:: PROBLEM ::
Nothing in the listing may change. Repeat all of it.

:: EXERCISE MATERIAL ::
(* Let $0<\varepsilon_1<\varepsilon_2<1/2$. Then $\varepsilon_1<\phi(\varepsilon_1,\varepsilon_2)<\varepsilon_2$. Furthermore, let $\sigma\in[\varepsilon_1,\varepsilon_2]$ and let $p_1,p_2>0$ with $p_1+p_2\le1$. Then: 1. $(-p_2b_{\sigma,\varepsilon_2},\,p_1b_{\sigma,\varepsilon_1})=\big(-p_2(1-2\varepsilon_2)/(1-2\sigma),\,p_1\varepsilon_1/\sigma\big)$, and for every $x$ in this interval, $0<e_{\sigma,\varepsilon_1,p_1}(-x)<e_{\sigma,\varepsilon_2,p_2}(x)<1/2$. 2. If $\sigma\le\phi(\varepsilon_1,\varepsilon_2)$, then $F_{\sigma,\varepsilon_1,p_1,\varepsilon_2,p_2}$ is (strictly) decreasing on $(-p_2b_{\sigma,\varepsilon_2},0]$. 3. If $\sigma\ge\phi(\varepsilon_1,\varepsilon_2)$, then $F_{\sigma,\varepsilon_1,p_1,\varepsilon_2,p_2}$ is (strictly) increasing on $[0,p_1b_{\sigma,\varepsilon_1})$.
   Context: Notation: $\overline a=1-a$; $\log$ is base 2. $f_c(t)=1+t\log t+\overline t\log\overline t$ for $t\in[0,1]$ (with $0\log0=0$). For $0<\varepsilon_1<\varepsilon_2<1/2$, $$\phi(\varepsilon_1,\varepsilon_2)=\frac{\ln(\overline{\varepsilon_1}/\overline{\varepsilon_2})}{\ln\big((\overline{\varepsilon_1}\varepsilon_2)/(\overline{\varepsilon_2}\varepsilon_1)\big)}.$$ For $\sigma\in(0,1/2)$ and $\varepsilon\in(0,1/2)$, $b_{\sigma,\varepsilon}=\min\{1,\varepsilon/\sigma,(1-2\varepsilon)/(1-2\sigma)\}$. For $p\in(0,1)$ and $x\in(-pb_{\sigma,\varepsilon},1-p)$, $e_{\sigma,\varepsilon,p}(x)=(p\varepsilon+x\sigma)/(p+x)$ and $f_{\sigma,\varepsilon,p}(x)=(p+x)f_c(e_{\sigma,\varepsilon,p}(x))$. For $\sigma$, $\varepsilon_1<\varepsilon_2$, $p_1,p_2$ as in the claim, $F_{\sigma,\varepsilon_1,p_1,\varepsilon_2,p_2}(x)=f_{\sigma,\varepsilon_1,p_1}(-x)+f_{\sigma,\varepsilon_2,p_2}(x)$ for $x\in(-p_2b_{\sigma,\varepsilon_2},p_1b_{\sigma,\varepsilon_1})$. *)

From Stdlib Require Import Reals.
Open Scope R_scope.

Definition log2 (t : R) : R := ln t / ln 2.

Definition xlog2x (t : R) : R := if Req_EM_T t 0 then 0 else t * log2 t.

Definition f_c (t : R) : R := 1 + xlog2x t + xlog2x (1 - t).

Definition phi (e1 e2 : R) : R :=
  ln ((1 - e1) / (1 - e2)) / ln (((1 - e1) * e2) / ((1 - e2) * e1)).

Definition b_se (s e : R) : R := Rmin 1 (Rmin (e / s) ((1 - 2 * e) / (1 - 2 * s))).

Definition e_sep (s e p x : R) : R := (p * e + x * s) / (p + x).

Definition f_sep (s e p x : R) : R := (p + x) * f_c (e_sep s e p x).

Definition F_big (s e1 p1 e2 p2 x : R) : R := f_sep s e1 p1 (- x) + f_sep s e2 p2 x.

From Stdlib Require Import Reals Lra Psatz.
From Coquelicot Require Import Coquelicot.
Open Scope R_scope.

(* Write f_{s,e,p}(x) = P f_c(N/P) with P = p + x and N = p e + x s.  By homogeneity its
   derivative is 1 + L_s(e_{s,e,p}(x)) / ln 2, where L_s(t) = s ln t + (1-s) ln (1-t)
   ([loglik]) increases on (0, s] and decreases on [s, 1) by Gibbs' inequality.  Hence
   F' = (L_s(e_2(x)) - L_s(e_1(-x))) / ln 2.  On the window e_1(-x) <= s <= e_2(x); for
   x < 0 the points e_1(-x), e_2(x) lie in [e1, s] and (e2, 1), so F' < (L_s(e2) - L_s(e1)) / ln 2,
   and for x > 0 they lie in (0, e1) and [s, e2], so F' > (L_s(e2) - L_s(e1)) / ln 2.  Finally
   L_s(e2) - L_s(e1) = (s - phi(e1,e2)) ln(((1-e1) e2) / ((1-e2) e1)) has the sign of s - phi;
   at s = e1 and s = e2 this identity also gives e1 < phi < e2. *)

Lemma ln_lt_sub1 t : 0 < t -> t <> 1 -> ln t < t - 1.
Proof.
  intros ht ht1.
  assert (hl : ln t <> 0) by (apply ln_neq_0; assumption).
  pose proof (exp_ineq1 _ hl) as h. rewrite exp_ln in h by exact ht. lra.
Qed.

:: ANSWER SECTION ::
(* Let $0<\varepsilon_1<\varepsilon_2<1/2$. Then $\varepsilon_1<\phi(\varepsilon_1,\varepsilon_2)<\varepsilon_2$. Furthermore, let $\sigma\in[\varepsilon_1,\varepsilon_2]$ and let $p_1,p_2>0$ with $p_1+p_2\le1$. Then: 1. $(-p_2b_{\sigma,\varepsilon_2},\,p_1b_{\sigma,\varepsilon_1})=\big(-p_2(1-2\varepsilon_2)/(1-2\sigma),\,p_1\varepsilon_1/\sigma\big)$, and for every $x$ in this interval, $0<e_{\sigma,\varepsilon_1,p_1}(-x)<e_{\sigma,\varepsilon_2,p_2}(x)<1/2$. 2. If $\sigma\le\phi(\varepsilon_1,\varepsilon_2)$, then $F_{\sigma,\varepsilon_1,p_1,\varepsilon_2,p_2}$ is (strictly) decreasing on $(-p_2b_{\sigma,\varepsilon_2},0]$. 3. If $\sigma\ge\phi(\varepsilon_1,\varepsilon_2)$, then $F_{\sigma,\varepsilon_1,p_1,\varepsilon_2,p_2}$ is (strictly) increasing on $[0,p_1b_{\sigma,\varepsilon_1})$.
   Context: Notation: $\overline a=1-a$; $\log$ is base 2. $f_c(t)=1+t\log t+\overline t\log\overline t$ for $t\in[0,1]$ (with $0\log0=0$). For $0<\varepsilon_1<\varepsilon_2<1/2$, $$\phi(\varepsilon_1,\varepsilon_2)=\frac{\ln(\overline{\varepsilon_1}/\overline{\varepsilon_2})}{\ln\big((\overline{\varepsilon_1}\varepsilon_2)/(\overline{\varepsilon_2}\varepsilon_1)\big)}.$$ For $\sigma\in(0,1/2)$ and $\varepsilon\in(0,1/2)$, $b_{\sigma,\varepsilon}=\min\{1,\varepsilon/\sigma,(1-2\varepsilon)/(1-2\sigma)\}$. For $p\in(0,1)$ and $x\in(-pb_{\sigma,\varepsilon},1-p)$, $e_{\sigma,\varepsilon,p}(x)=(p\varepsilon+x\sigma)/(p+x)$ and $f_{\sigma,\varepsilon,p}(x)=(p+x)f_c(e_{\sigma,\varepsilon,p}(x))$. For $\sigma$, $\varepsilon_1<\varepsilon_2$, $p_1,p_2$ as in the claim, $F_{\sigma,\varepsilon_1,p_1,\varepsilon_2,p_2}(x)=f_{\sigma,\varepsilon_1,p_1}(-x)+f_{\sigma,\varepsilon_2,p_2}(x)$ for $x\in(-p_2b_{\sigma,\varepsilon_2},p_1b_{\sigma,\varepsilon_1})$. *)

From Stdlib Require Import Reals.
Open Scope R_scope.

Definition log2 (t : R) : R := ln t / ln 2.

Definition xlog2x (t : R) : R := if Req_EM_T t 0 then 0 else t * log2 t.

Definition f_c (t : R) : R := 1 + xlog2x t + xlog2x (1 - t).

Definition phi (e1 e2 : R) : R :=
  ln ((1 - e1) / (1 - e2)) / ln (((1 - e1) * e2) / ((1 - e2) * e1)).

Definition b_se (s e : R) : R := Rmin 1 (Rmin (e / s) ((1 - 2 * e) / (1 - 2 * s))).

Definition e_sep (s e p x : R) : R := (p * e + x * s) / (p + x).

Definition f_sep (s e p x : R) : R := (p + x) * f_c (e_sep s e p x).

Definition F_big (s e1 p1 e2 p2 x : R) : R := f_sep s e1 p1 (- x) + f_sep s e2 p2 x.

From Stdlib Require Import Reals Lra Psatz.
From Coquelicot Require Import Coquelicot.
Open Scope R_scope.

(* Write f_{s,e,p}(x) = P f_c(N/P) with P = p + x and N = p e + x s.  By homogeneity its
   derivative is 1 + L_s(e_{s,e,p}(x)) / ln 2, where L_s(t) = s ln t + (1-s) ln (1-t)
   ([loglik]) increases on (0, s] and decreases on [s, 1) by Gibbs' inequality.  Hence
   F' = (L_s(e_2(x)) - L_s(e_1(-x))) / ln 2.  On the window e_1(-x) <= s <= e_2(x); for
   x < 0 the points e_1(-x), e_2(x) lie in [e1, s] and (e2, 1), so F' < (L_s(e2) - L_s(e1)) / ln 2,
   and for x > 0 they lie in (0, e1) and [s, e2], so F' > (L_s(e2) - L_s(e1)) / ln 2.  Finally
   L_s(e2) - L_s(e1) = (s - phi(e1,e2)) ln(((1-e1) e2) / ((1-e2) e1)) has the sign of s - phi;
   at s = e1 and s = e2 this identity also gives e1 < phi < e2. *)

Lemma ln_lt_sub1 t : 0 < t -> t <> 1 -> ln t < t - 1.
Proof.
  intros ht ht1.
  assert (hl : ln t <> 0) by (apply ln_neq_0; assumption).
  pose proof (exp_ineq1 _ hl) as h. rewrite exp_ln in h by exact ht. lra.
Qed.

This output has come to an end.